# Vuelta Wheels on EBAY, Any Good?



## Killroy (Feb 9, 2006)

I need a durable wheel set for commuting because my Performance Brand wheels have broken so many spokes I want to replace them. 

These Vuelta wheels are only 115 shipped on ebay. Have you ever heard of these?


http://cgi.ebay.com/NEW-Vuelta-ROAD...ryZ58099QQssPageNameZWDVWQQrdZ1QQcmdZViewItem


----------



## xtremefit (Jul 22, 2007)

Yes, my friend sells them at his bike shop and the best thing I can say is that they are very durable. My buddy has them and his 230lbs. and so far, they have been bombproof. Not bad wheels for the money.


----------



## slicknick (Apr 12, 2007)

My roommate bought some Vuelta's from ebay, similar to ones in the link you provide, but with paired spokes and more of an aero rim.
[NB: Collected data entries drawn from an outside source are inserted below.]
Lemma prox_obj_min_exists c u : 0 < c -> exists v, forall w, (prox_obj c u v <= prox_obj c u w)%E.
Proof.
move=> c0; have [mr [mr_le approx]] := prox_obj_inf u c0.
pose eps k : R := k.+1%:R^-1.
have eps_gt0 k : 0 < eps k by rewrite invr_gt0 ltr0n.
have eps_le1 k : eps k <= 1 by rewrite invf_le1 ?ltr0n ?ler1n.
have near_min k : exists x gk,
    g x = gk%:E /\ c * gk + sqnorm (x - u) / 2 < mr + eps k ^+ 2.
  by apply: approx; rewrite exprn_gt0.
have [xs xs_near] := choice near_min.
have xs_close k j i : `|xs k i 0 - xs j i 0| <= 2 * eps k + 2 * eps j.
  have [gk [gkE ltk]] := xs_near k; have [gj [gjE ltj]] := xs_near j.
  have close := prox_obj_near_min_close c0 mr_le gkE gjE (ltW ltk) (ltW ltj).
  have coord := sqr_coord_le_sqnorm (xs k - xs j) i; rewrite !mxE in coord.
  have ek := eps_gt0 k; have ej := eps_gt0 j.
  by rewrite ler_norml; apply/andP; split; nra.
have [xl xl_near] := cV_cauchy_limit xs_close.
exists xl => w; apply: le_trans (mr_le w); apply: (prox_obj_le_limit c0 _ xl_near).
  move=> e e0; have e2_gt0 : 0 < e / 2 by rewrite divr_gt0.
  have [N _ /(_ N (leqnn N)) /= epsN_lt] := near_infty_natSinv_lt (PosNum e2_gt0).
  by exists N; rewrite -/(eps N) in epsN_lt; lra.
move=> k; have [gk [gkE gk_lt]] := xs_near k; exists gk; split => //.
by have := eps_gt0 k; have := eps_le1 k; nra.
Qed.

Lemma proxvP c u : 0 < c -> forall w, (prox_obj c u (proxv c g u) <= prox_obj c u w)%E.
Proof.
move=> c0; have [v v_min] := prox_obj_min_exists u c0.
by apply: (xgetPex 0 (P := fun v => forall w, (prox_obj c u v <= prox_obj c u w)%E)); exists v.
Qed.

(* Compare [proxv c g u] with the points [l w + (1 - l) proxv c g u] of the segment towards [w],
   divide by [l] and let [l] tend to [0]. *)
Lemma proxv_growth c u : 0 < c ->
  exists gv, g (proxv c g u) = gv%:E /\ forall w gw, g w = gw%:E ->
    c * gv + sqnorm (proxv c g u - u) / 2 + (1 + c * mu) / 2 * sqnorm (w - proxv c g u)
      <= c * gw + sqnorm (w - u) / 2.
Proof.
move=> c0; set v := proxv c g u; have v_min := proxvP u c0.
have [gv gvE] : exists gv, g v = gv%:E.
  case: (ext_valued_cases v) => // gv_oo.
  have [p] := g_proper; move: (g_ext p); case gpE: (g p) => [gp| |] //= _ _.
  by have := v_min p; rewrite (prox_objE _ _ gpE) (prox_obj_pinfty _ c0 gv_oo).
exists gv; split => // w gw gwE.
set D := c * gw + sqnorm (w - u) / 2 - (c * gv + sqnorm (v - u) / 2).
set K := (1 + c * mu) / 2 * sqnorm (w - v).
have K_ge0 : 0 <= K by rewrite mulr_ge0 ?sqnorm_ge0 // divr_ge0 // addr_ge0 // mulr_ge0 // ltW.
have D_ge l : 0 < l -> l < 1 -> (1 - l) * K <= D.
  move=> l0 l1.
  have [gz [gzE gz_le]] := strongly_convex_fin (ltW l0) (ltW l1) gwE gvE.
  have := v_min (l *: w + (1 - l) *: v).
  rewrite (prox_objE _ _ gvE) (prox_objE _ _ gzE) lee_fin sqnorm_convex_comb => obj_le.
  have := ler_wpM2l (ltW c0) gz_le => cgz_le.
  have : l * ((1 - l) * K) <= l * D by rewrite /D /K; nra.
  by rewrite ler_pM2l.
suff : K <= D by rewrite /D /K; lra.
rewrite -lee_fin; apply/lee_mul01Pr => [|r /andP[r0 r1]]; first by rewrite lee_fin.
by rewrite -EFinM lee_fin; have := D_ge (1 - r); rewrite subKr; apply; lra.
Qed.

Lemma proxv_three_point c x a : 0 < c ->
  exists gv, g (proxv c g (x - c *: a)) = gv%:E /\ forall w gw, g w = gw%:E ->
    c * gv + sqnorm (proxv c g (x - c *: a) - x) / 2 + c * dotv a (proxv c g (x - c *: a) - x)
      + (1 + c * mu) / 2 * sqnorm (w - proxv c g (x - c *: a))
    <= c * gw + sqnorm (w - x) / 2 + c * dotv a (w - x).
Proof.
move=> c0; have [gv [gvE grow]] := proxv_growth (x - c *: a) c0.
exists gv; split => // w gw gwE; have := grow w gw gwE.
have expand z : sqnorm (z - (x - c *: a)) =
    sqnorm (z - x) + 2 * (c * dotv a (z - x)) + c ^+ 2 * sqnorm a.
  have -> : z - (x - c *: a) = (z - x) + c *: a by apply/matrixP => i j; rewrite !mxE; ring.
  by rewrite sqnormD sqnormZ dotvZr dotvC.
rewrite !expand; lra.
Qed.

End StronglyConvexProx.

Section SDAPD.
Context {R : realType} {n d : nat} (A : 'M[R]_(n, d)) (f : 'I_n -> R -> R)
  (g : 'cV[R]_d -> \bar R) (eta tau : R) (beta : nat -> R)
  (x0 : 'cV[R]_d) (y0 : 'cV[R]_n).

Local Notation state := (state A f g eta tau beta x0 y0).
Local Notation x_it := (x_it A f g eta tau beta x0 y0).
Local Notation y_it := (y_it A f g eta tau beta x0 y0).
Local Notation xbar_it := (xbar_it A f g eta tau beta x0 y0).
Local Notation ybar_it := (ybar_it A f g eta tau beta x0 y0).
Local Notation phi := (phi A f g eta tau beta x0 y0).
Local Notation phistar := (phistar A f g eta tau beta x0 y0).
Lemma caratheodory_rfun d (X : measurableType d) (R : realType) (T : nat)
  (H : completeNormedModType R) (ip : H -> H -> R) (psi : R -> H)
  (V : {linear H -> H}) (g : 'I_T -> X -> H) :
  inner_product_of ip -> continuous psi -> continuous V ->
  (forall t, borel_measurable (g t)) -> caratheodory (rfun ip psi V g).
Proof.
move=> ipH cpsi cV mg; split => [x c|c]; rewrite /rfun.
  have cs : continuous (fun c : 'rV[R]_T =>
      \sum_(t < T) ip (psi (c ord0 t)) (V (g t x))).
    apply: continuous_sum => t c'.
    apply: (@continuous_comp _ _ _ (fun c : 'rV[R]_T => c ord0 t)
              ((ip ^~ (V (g t x))) \o psi)); first exact: coord_continuous.
    by apply: continuous_comp; [exact: cpsi | exact: continuous_ipl].
  by have := continuousM (@cst_continuous _ _ (T%:R^-1 : R) c) (cs c).
apply: measurable_funM => //; apply: measurable_sum => t.
pose phi h := ip (psi (c ord0 t)) (V h).
apply: (measurable_fun_continuous_comp (phi := phi)) => // h.
apply: (@continuous_comp _ _ _ V (ip (psi (c ord0 t)))); first exact: cV.
exact: continuous_ipr.
Qed.

Theorem lemma3 (R : realType) (X : ptopologicalType)
  (rho : probability (borel_type X) R)
  (a b : R) (T : nat) (C : set 'rV[R]_T)
  (H : completeNormedModType R) (ip : H -> H -> R) (ev : H -> R -> R)
  (psi : R -> H) (V : {linear H -> H}) (l : R -> R -> R)
  (g : 'I_T -> borel_type X -> H) :
  @polish R X ->
  a < b -> (1 <= T)%N ->
  C !=set0 -> compact C ->
  C `<=` [set c | forall t : 'I_T, c ord0 t \in `[a, b]] ->
  SELF `[a, b] l ip ev psi V ->
  {within [set p : R * R | p.1 \in `[a, b] /\ p.2 \in `[a, b]],
     continuous (fun p : R * R => l p.1 p.2)} ->
  (forall t, borel_measurable (g t)) ->
  (forall t, exists M : R, {ae rho, forall x, `|g t x| <= M}) ->
  exists (fo : borel_type X -> 'rV[R]_T) (m : borel_type X -> R),
    [/\ borel_measurable fo /\
        (forall x, C (fo x) /\
           forall c, C c -> rfun ip psi V g x (fo x) <= rfun ip psi V g x c),
        measurable_fun setT m,
        {ae rho, forall x, (exists c, C c /\ m x = rfun ip psi V g x c) /\
                           forall c, C c -> m x <= rfun ip psi V g x c},
        Ebar rho ip psi V g fo = (\int[rho]_x (m x)%:E)%E &
        (\int[rho]_x (m x)%:E)%E =
          ereal_inf [set Ebar rho ip psi V g f | f in
            [set f : borel_type X -> 'rV[R]_T |
               (forall x, C (f x)) /\ borel_measurable f]]].
Proof.
move=> _ ab _ C0 cC Cab [[ipH _ _ _] cpsi cV _] _ mg _.
(* psi is continuous only on [a, b]; clamping changes nothing on C. *)
pose psi' := psi \o clamp a b.
have cpsi' : continuous psi'.
  apply: continuous_comp_within cpsi (@continuous_clamp R a b) _ => y.
  exact: clamp_itv (ltW ab).
have r_clamp x c : C c -> rfun ip psi V g x c = rfun ip psi' V g x c.
  move=> Cc; rewrite /rfun /psi'; congr (_ * _); apply: eq_bigr => t _ /=.
  by rewrite clamp_id //; exact: Cab.
have [fo [m [mfo mm fo_min]]] :=
  measurable_argmin C0 cC (caratheodory_rfun ipH cpsi' cV mg).
have bfo : borel_measurable fo.
  by apply: borel_measurable_mx => i j; rewrite (ord1 i).
have Efo : Ebar rho ip psi V g fo = (\int[rho]_x (m x)%:E)%E.
  by apply: eq_integral => x _; have [Cf <- _] := fo_min x; rewrite r_clamp.
exists fo, m; split => //.
- split => // x; have [Cf Ff fmin] := fo_min x; split => // c Cc.
  by rewrite !r_clamp // Ff; exact: fmin.
- apply: aeW => x; have [Cf Ff fmin] := fo_min x; split.
    by exists (fo x); rewrite r_clamp // Ff.
  by move=> c Cc; rewrite r_clamp //; exact: fmin.
apply/le_anti/andP; split.
  apply/ereal_infP => _ [f [Cf _] <-]; apply: le_integral_pointwise => x.
  by have [_ _ fmin] := fo_min x; rewrite lee_fin r_clamp //; exact: fmin.
rewrite -Efo; apply: ereal_inf_lbound; exists fo => //; split => // x.
by have [] := fo_min x.
Qed.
They were cheap $150 and seem to be very durable, spin nicely, and look nice. These are definitely not the lightest wheels, and you need long valve stems with the deep V section, but nice wheels for the money. He is a big guy and the bike is heavy and the wheels still perform well. Vuelta sells many different types of wheels on ebay some of which are pretty light, but the cost goes up.


----------



## sometimerider (Sep 21, 2007)

Those wheels appear to be the Vuelta XRP Comp version.

My recent Motobecane Sprint came with Vuelta XRP Pro, which look similar (especially the hubs), but are slightly more aero. I've got only a few hundred miles on them, but I'm happy with them so far. They arrived (and remain) truer than any wheels I've ever used.

But I would never have chosen (if there had been any choice) wheels with so few spokes. I simply don't trust that setup. I doubt that problems with hubs and rims shreading on these minimalist spoked wheels are limited to the Bontrager's that have been noted here lately.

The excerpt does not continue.